Lemma mcode_mshiftD n b : b < ndigits n -> (0 < n) || (0 < b) ->
  mcode p (mshift n + b) = rcons (mcode p n) b.
Proof.
move=> lt_b pos; apply: mcodeE.
rewrite is_mcodeE admissible_rcons_mcode lt_b wvalue_rcons_mcode eqxx andbT /=.
case: n pos {lt_b} => [|n] pos; first by rewrite mcode0 /= -lt0n.
by have := head_mcode (ltn0Sn n); case: (mcode p n.+1).
Qed.

Lemma mcode_mshift n : 0 < n -> mcode p (mshift n) = rcons (mcode p n) 0.
Proof. by move=> n_gt0; rewrite -[mshift n]addn0 mcode_mshiftD ?n_gt0 // ltnW ?ndigits_gt1. Qed.

Lemma mcode_decomposition n : 0 < n -> exists nu b,
  [/\ b < ndigits nu, n = mshift nu + b & mcode p n = rcons (mcode p nu) b].
Proof.
move=> n_gt0; have := mcodeP n_gt0; rewrite is_mcodeE.
case/lastP: (mcode p n) => [|u b] //= /and3P[adm_ub head_ub /eqP val_ub].
have code_u : mcode p (wvalue p u) = u.
  case: u adm_ub head_ub {val_ub} => [|a u] adm_ub head_ub; first by rewrite wvalue_nil.
  by apply: mcodeE; rewrite is_mcodeE (admissible_rconsK adm_ub) eqxx andbT.
exists (wvalue p u), b.
by rewrite -admissible_rcons_mcode -wvalue_rcons_mcode code_u val_ub.
Qed.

___

## Brief
Your answer is the line containing "exists (wvalue p u), b." plus every line after it through the end of the entries, given again exactly and alone.

## Solution for this problem
exists (wvalue p u), b.
by rewrite -admissible_rcons_mcode -wvalue_rcons_mcode code_u val_ub.
Qed.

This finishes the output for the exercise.